From the perspective of the interpolation characteristics of the five methods, when using one single method to estimate the elevation of the sample points the interpolation precision largely depends on the variation of local terrain. Therefore, the applicability of different interpolation methods varies in different underwater terrain environments. The different sensitivities of the interpolation methods to the terrain variation weaken the natural attributes of the sample points if using a single method and are not be able to better represent the spatial distribution of nonlinear feature data. For example, when the IDW method performs elevation interpolation, it ensures that the estimated value of the interpolation point does not exceed the elevation range of the sample points and the generated DEM is smooth, but it causes some locally rugged terrain to be excessively smoothed, and the overall interpolation precision is reduced. In comparison, the presented integrated method can take full advantage of the different interpolation methods, reduce the overall interpolation error, and effectively restore the underwater terrain information. Fig. 6 shows that relative to a single method, the integrated method reduced the ME value by about 15% and the RMSE value by about 10% and increased the R2 value by about 0.005. Therefore, the integrated method has wider applicability.

6  Conclusions

On the basis of underwater terrain data of the Panjing River measured by a USV, this work introduced five different interpolation methods to generate an underwater DEM and analyzed the respective interpolation precision and interpolation effects under different spatial distributions. We found the following. 1) There was a positive spatial correlation between the interpolation errors and the terrain surface roughness. The interpolation precision decreased with the increase of the surface roughness. 2) The IDW method had a relatively high interpolation precision in flat areas (SR < 1.03). When the SR value ranged between 1.03 and 1.07, the TIN method had a better interpolation effect. The OK method maintained a higher interpolation precision when the terrain of the surveying area was complex, with a surface roughness value larger than 1.07.

On the basis of the analysis of the characteristics of the five interpolation methods, an integrated interpolation method was proposed to improve the interpolation precision. According to the topographic information reflected by the measured points in the survey area, the integrated approach automatically selected appropriate methods to predict the elevation of the interpolated points in the survey area according to different surface roughness. This approach is adaptive and can comprehensively use the advantages of the different interpolation methods and avoid the loss of information that can occur when describing the local terrain feature using a single interpolation method. Comparative analysis showed that the integrated approach improved the interpolation precision.

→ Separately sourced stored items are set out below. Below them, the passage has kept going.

(* Let $a,b,d>0$, $c\geq c^*=-\sqrt{3bd}$, $\phi(x)=\frac{ax^3+bx^2+cx+d}{x^3}$ ($x>0$), let $\overline{t}$ be the unique equilibrium of $\phi$, and let $\{t_n\}_{n\ge0}$ be a positive solution of $t_{n+1}=\phi(t_n)$. Let $$G(x)=a^3x^6+(2a^2b-ac-d)x^5+(ab^2-ad-bc+2a^2c)x^4+(2a^2d+2abc-c^2-bd)x^3+(ac^2+2abd-2cd)x^2+(2acd-d^2)x+ad^2$$ and suppose that $G$ has no root of even multiplicity. Then: \begin{description} \item[(a)] If $\phi$ has no 2-cycle, then $\{t_n\}$ converges to $\overline{t}$. \item[(b)] If $\phi$ has one 2-cycle $(p,q)$ with $p<\overline{t}<q$, then $\{t_n\}$ converges to the 2-cycle $(p,q)$ if $t_0\neq\overline{t}$; otherwise $\{t_n\}$ converges to $\overline{t}$. \item[(c)] If $\phi$ has two 2-cycles $(p_1,q_1)$, $(p_2,q_2)$ with $p_1<p_2<\overline{t}<q_2<q_1$, then $\{t_n\}$ converges to $\overline{t}$ if $t_0\in(p_2,q_2)$, converges to the 2-cycle $(p_2,q_2)$ if $t_0\in\{p_2,q_2\}$, and otherwise converges to the 2-cycle $(p_1,q_1)$. \item[(d)] If $\phi$ has three 2-cycles $(p_1,q_1)$, $(p_2,q_2)$, $(p_3,q_3)$ with $p_1<p_2<p_3<\overline{t}<q_3<q_2<q_1$, then $\{t_n\}$ converges to the 2-cycle $(p_3,q_3)$ if $t_0\in(p_2,q_2)\setminus\{\overline{t}\}$, converges to $\overline{t}$ if $t_0=\overline{t}$, converges to the 2-cycle $(p_2,q_2)$ if $t_0\in\{p_2,q_2\}$, and otherwise converges to the 2-cycle $(p_1,q_1)$. \end{description}
   Context: An equilibrium is $t>0$ with $\phi(t)=t$. A 2-cycle is a pair $(p,q)$ of positive numbers with $p\ne q$, $\phi(p)=q$, $\phi(q)=p$. A positive solution is a sequence with $t_0>0$ and $t_{n+1}=\phi(t_n)$. The sequence $\{t_n\}$ converges to the 2-cycle $(p,q)$ if one of the subsequences $\{t_{2n}\}$, $\{t_{2n+1}\}$ converges to $p$ and the other to $q$. *)

From HB Require Import structures.
From mathcomp Require Import all_boot all_order all_algebra.
From mathcomp Require Import all_classical all_reals all_analysis.
Set Implicit Arguments. Unset Strict Implicit. Unset Printing Implicit Defensive.
Import Order.TTheory GRing.Theory Num.Theory numFieldNormedType.Exports.
Local Open Scope classical_set_scope.
Local Open Scope ring_scope.

Section Defs.
Variable R : realType.

Definition phi (a b c d x : R) : R :=
  (a * x ^+ 3 + b * x ^+ 2 + c * x + d) / x ^+ 3.

(* the polynomial G, coefficients listed from degree 0 to degree 6 *)
Definition Gpoly (a b c d : R) : {poly R} :=
  Poly [:: a * d ^+ 2;
           2 * a * c * d - d ^+ 2;
           a * c ^+ 2 + 2 * a * b * d - 2 * c * d;
           2 * a ^+ 2 * d + 2 * a * b * c - c ^+ 2 - b * d;
           a * b ^+ 2 - a * d - b * c + 2 * a ^+ 2 * c;
           2 * a ^+ 2 * b - a * c - d;
           a ^+ 3].

Definition no_even_mult_root (G : {poly R}) : Prop :=
  forall x : R, root G x -> odd (mup x G).

Definition equilibrium (f : R -> R) (x : R) : Prop := 0 < x /\ f x = x.

Definition two_cycle (f : R -> R) (p q : R) : Prop :=
  0 < p /\ 0 < q /\ p <> q /\ f p = q /\ f q = p.

(* (x,y) is the same 2-cycle as (p,q) (cycles are unordered pairs) *)
Definition same_cycle (p q x y : R) : Prop :=
  (x = p /\ y = q) \/ (x = q /\ y = p).

Definition conv_cycle (u : nat -> R) (p q : R) : Prop :=
  ((fun n => u (2 * n)%N) @ \oo --> p /\ (fun n => u (2 * n).+1) @ \oo --> q)
  \/ ((fun n => u (2 * n)%N) @ \oo --> q /\ (fun n => u (2 * n).+1) @ \oo --> p).

End Defs.

From HB Require Import structures.
From mathcomp Require Import all_boot all_order all_algebra.
From mathcomp Require Import all_classical all_reals all_analysis.
From mathcomp Require Import polyrcf.
From mathcomp Require Import ring lra zify.
Import Order.TTheory GRing.Theory Num.Theory numFieldNormedType.Exports.
Local Open Scope classical_set_scope.
Local Open Scope ring_scope.
Set Implicit Arguments. Unset Strict Implicit. Unset Printing Implicit Defensive.

(* Since c >= -sqrt(3bd), phi is decreasing on (0, +oo), so phi o phi is
   increasing and the even and odd subsequences of an orbit are monotone. Each
   converges to the fixed point of phi o phi next to its start in the direction
   given by the sign of phi (phi x) - x. Up to a positive factor this difference
   is equilibrium_poly(x) * G(x), whose first factor vanishes (on (0, +oo)) only
   at the equilibrium. Hence the sign is constant between consecutive fixed
   points, flips across every point of a 2-cycle (a root of G of odd
   multiplicity), and is reversed by phi; together with its negativity beyond
   the largest fixed point this determines the sign on every gap, from the
   outside in. *)

Section Iteration.
Variable R : realType.
Implicit Types (f : R -> R) (u : nat -> R) (l L : R).

Lemma cvg_even_odd u l :
  (fun n => u (2 * n)%N) @ \oo --> l -> (fun n => u (2 * n).+1) @ \oo --> l ->
  u @ \oo --> l.
Proof.
move=> /cvgrPdist_lt even_l /cvgrPdist_lt odd_l; apply/cvgrPdist_lt => e e0.
have [N1 _ hN1] := even_l e e0; have [N2 _ hN2] := odd_l e e0.
exists (2 * (N1 + N2))%N => // n /= hn.
have := odd_double_half n; rewrite -addnn.
case: (odd n) => /= hnE.
  have -> : n = (2 * n./2).+1 by lia.
  by apply: hN2 => /=; lia.
have -> : n = (2 * n./2)%N by lia.
by apply: hN1 => /=; lia.
Qed.

Lemma iterate_cvg_fixpoint f u l :
  (forall n, u n.+1 = f (u n)) -> {for l, continuous f} -> u @ \oo --> l -> f l = l.
Proof.
move=> uS fl ul; have ufl : (fun n => u n.+1) @ \oo --> f l.
  by rewrite (funext uS); exact: cvg_comp ul fl.
have ul' : (fun n => u n.+1) @ \oo --> l by rewrite (cvg_shiftS u).
exact: cvg_unique _ ufl ul'.
Qed.

Lemma iterate_cvg_from_below f u L :
  (forall n, u n.+1 = f (u n)) -> u 0%N <= L -> f L = L ->
  (forall x y, u 0%N <= x -> x <= y -> y <= L -> f x <= f y) ->
  (forall x, u 0%N <= x <= L -> {for x, continuous f}) ->
  (forall x, u 0%N <= x < L -> x < f x) ->
  u @ \oo --> L.
Proof.
move=> uS u0L fL f_mono f_cont f_up.
have u_mono n : u 0%N <= u n <= u n.+1 /\ u n.+1 <= L.
  elim: n => [|n [/andP[u0n unS] uSL]].
    rewrite lexx uS /=; split; last by rewrite -fL f_mono.
    have [->|u0L'] := eqVneq (u 0%N) L; first by rewrite fL.
    by apply/ltW/f_up; rewrite lexx lt_neqAle u0L' u0L.
  have u0S := le_trans u0n unS.
  rewrite u0S [u n.+2]uS /=; split; last by rewrite -fL f_mono.
  by rewrite {1}uS f_mono.
have [l ul] : exists l, u @ \oo --> l.
  exists (sup (range u)); apply: nondecreasing_cvgn.
    by apply/nondecreasing_seqP => n; have [/andP[]] := u_mono n.
  by exists L => _ [n _ <-]; have [/andP[_ /le_trans]] := u_mono n; apply.
have /andP[u0l lL] : u 0%N <= l <= L.
  have cu : cvgn u by apply/cvg_ex; exists l.
  rewrite -(cvg_lim _ ul) //; apply/andP; split.
    by apply: limr_ge => //; near=> n; have [/andP[]] := u_mono n.
  by apply: limr_le => //; near=> n; have [/andP[_ /le_trans]] := u_mono n; apply.
have fl : f l = l by apply: iterate_cvg_fixpoint uS _ ul; apply: f_cont; rewrite u0l.
have [l_lt_L|] := ltP l L; last by move=> Ll; rewrite -(@le_anti _ _ l L) ?lL.
by have := f_up l; rewrite u0l l_lt_L fl ltxx => /(_ isT).
Unshelve. all: by end_near.
Qed.

Lemma iterate_cvg_attractor f u l L r :
  (forall n, u n.+1 = f (u n)) -> l < u 0%N < r -> l < L < r -> f L = L ->
  (forall x y, l < x -> x <= y -> y < r -> f x <= f y) ->
  (forall x, l < x < r -> {for x, continuous f}) ->
  (forall x, l < x < L -> x < f x) -> (forall x, L < x < r -> f x < x) ->
  u @ \oo --> L.
Proof.
move=> uS /andP[lu0 u0r] /andP[lL Lr] fL f_mono f_cont f_up f_down.
have [u0L|Lu0] := leP (u 0%N) L.
  apply: iterate_cvg_from_below => // [x y u0x xy yL|x /andP[u0x xL]|x /andP[u0x xL]].
  - by apply: f_mono; lra.
  - by apply: f_cont; apply/andP; split; lra.
  - by apply: f_up; apply/andP; split; lra.
(* conjugate by x |-> -x to approach the fixed point from below *)
pose g x := - f (- x); pose v n := - u n.
have vL : v @ \oo --> - L.
  apply: (@iterate_cvg_from_below g) => [n|||x y v0x xy yL|x /andP[v0x xL]|x /andP[v0x xL]].
  - by rewrite /v /g uS opprK.
  - by rewrite /v lerN2 ltW.
  - by rewrite /g opprK fL.
  - by rewrite /g lerN2; apply: f_mono; rewrite /v in v0x; lra.
  - have fx : {for - x, continuous f}.
      by apply: f_cont; rewrite /v in v0x xL; apply/andP; split; lra.
    exact: continuous_comp (continuous_comp (@oppr_continuous _ _ x) fx) (@oppr_continuous _ _ _).
  - rewrite /g ltrNr; apply: f_down; rewrite /v in v0x xL; apply/andP; split; lra.
have -> : u = (fun n => - v n) by apply/funext => n; rewrite /v opprK.
by rewrite -[L]opprK; apply: cvgN.
Qed.

End Iteration.

Lemma sgr_horner_odd_root (R : rcfType) (p : {poly R}) (l r z x y : R) :
  p != 0 -> odd (mup z p) -> {in `]l, r[, forall w, w != z -> ~~ root p w} ->
  l < x -> x < z -> z < y -> y < r -> Num.sg p.[x] = - Num.sg p.[y].
Proof.
move=> p0 odd_mup p_roots lx xz zy yr.
have [m [q qz pE]] := multiplicity_XsubC p z; rewrite p0 /= in qz.
have mupE : mup z p = m by rewrite pE mupMr // mup_XsubCX eqxx.
have q_roots : {in `]l, r[, forall w, ~~ root q w}.
  move=> w w_in; have [->//|wz] := eqVneq w z.
  by apply: contra (p_roots w w_in wz); rewrite pE rootM => ->.
have x_in : x \in `]l, r[ by rewrite in_itv /= lx (lt_trans xz (lt_trans zy yr)).
have y_in : y \in `]l, r[ by rewrite in_itv /= yr (lt_trans lx (lt_trans xz zy)).
have x_neg : (x - z) ^+ m < 0 by rewrite exprn_odd_lt0 -?mupE // subr_lt0.
have y_pos : 0 < (y - z) ^+ m by rewrite exprn_gt0 // subr_gt0.
rewrite pE !hornerM !horner_exp !hornerXsubC !sgrM (polyrN0_itv q_roots x_in y_in).
by rewrite (ltr0_sg x_neg) (gtr0_sg y_pos) mulrN1 mulr1.
Qed.

Lemma ge_Nsqrt_cases (R : rcfType) (k c : R) :
  0 <= k -> - Num.sqrt k <= c -> 0 <= c \/ c ^+ 2 <= k.
Proof.
move=> k0 hc; have [c0|c0] := lerP 0 c; [by left | right].
have s0 := sqrtr_ge0 k; have := sqr_sqrtr k0; nra.
Qed.

Lemma two_cycleC (R : realType) (f : R -> R) p q : two_cycle f p q -> two_cycle f q p.
Proof. by case=> p0 [q0 [pq [fp fq]]]; split=> //; split=> //; split=> // /esym. Qed.

Lemma two_cycle_fix2 (R : realType) (f : R -> R) p q : two_cycle f p q -> f (f p) = p.
Proof. by case=> _ [_ [_ [-> ->]]]. Qed.

Lemma conv_cycleC (R : realType) (u : nat -> R) p q : conv_cycle u p q -> conv_cycle u q p.
Proof. by case; [right | left]. Qed.

Section CubicRationalMap.
Variables (R : realType) (a b c d : R).
Hypotheses (a_gt0 : 0 < a) (b_gt0 : 0 < b) (d_gt0 : 0 < d).
Hypothesis c_ge : 0 <= c \/ c ^+ 2 <= 3 * b * d.
Implicit Types x y z w : R.

Local Notation phi := (phi a b c d).
Local Notation numer x := (a * x ^+ 3 + b * x ^+ 2 + c * x + d).

Lemma phiE x : phi x = numer x / x ^+ 3.
Proof. by []. Qed.

Lemma numer_gt_cube x : 0 < x -> a * x ^+ 3 < numer x.
Proof.
move=> x0; suff : 0 < b * x ^+ 2 + c * x + d by lra.
have bx2 : 0 < b * x ^+ 2 by rewrite mulr_gt0 ?exprn_gt0.
have := d_gt0; case: c_ge => [c0|c2]; first by have := mulr_ge0 c0 (ltW x0); lra.
have E : 4 * b * (b * x ^+ 2 + c * x + d) = (2 * b * x + c) ^+ 2 + (4 * b * d - c ^+ 2).
  by ring.
have : 0 < 4 * b * (b * x ^+ 2 + c * x + d).
  by rewrite E; have := sqr_ge0 (2 * b * x + c); have := mulr_gt0 b_gt0 d_gt0; nra.
by rewrite pmulr_rgt0 // mulr_gt0.
Qed.

Lemma numer_gt0 x : 0 < x -> 0 < numer x.
Proof.
move=> x0; have := numer_gt_cube x0.
have : 0 < a * x ^+ 3 by rewrite mulr_gt0 ?exprn_gt0.
lra.
Qed.

Lemma phi_gt x : 0 < x -> a < phi x.
Proof. by move=> x0; rewrite phiE ltr_pdivlMr ?exprn_gt0 ?numer_gt_cube. Qed.

Lemma phi_gt0 x : 0 < x -> 0 < phi x.
Proof. by move=> /phi_gt; apply: lt_trans. Qed.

The presented results are limited to the Panjing River in Shanghai. The general applicability and reliability need to be further verified. In the next step, USV surveys will be carried out in different water systems to explore the specific scope of the application of the proposed integrated interpolation approach.

Funding Statement: The research work herein was supported by the National Natural Science Foundation of China (Grant No. 42102318) and the Program for Professor of Special Appointment (Eastern Scholar) at Shanghai Institutions of Higher Learning.

Availability of Data and Materials: The data used to support the findings of this study are included within the article.

Conflicts of Interest: The authors declare that they have no conflicts of interest to report regarding the present study.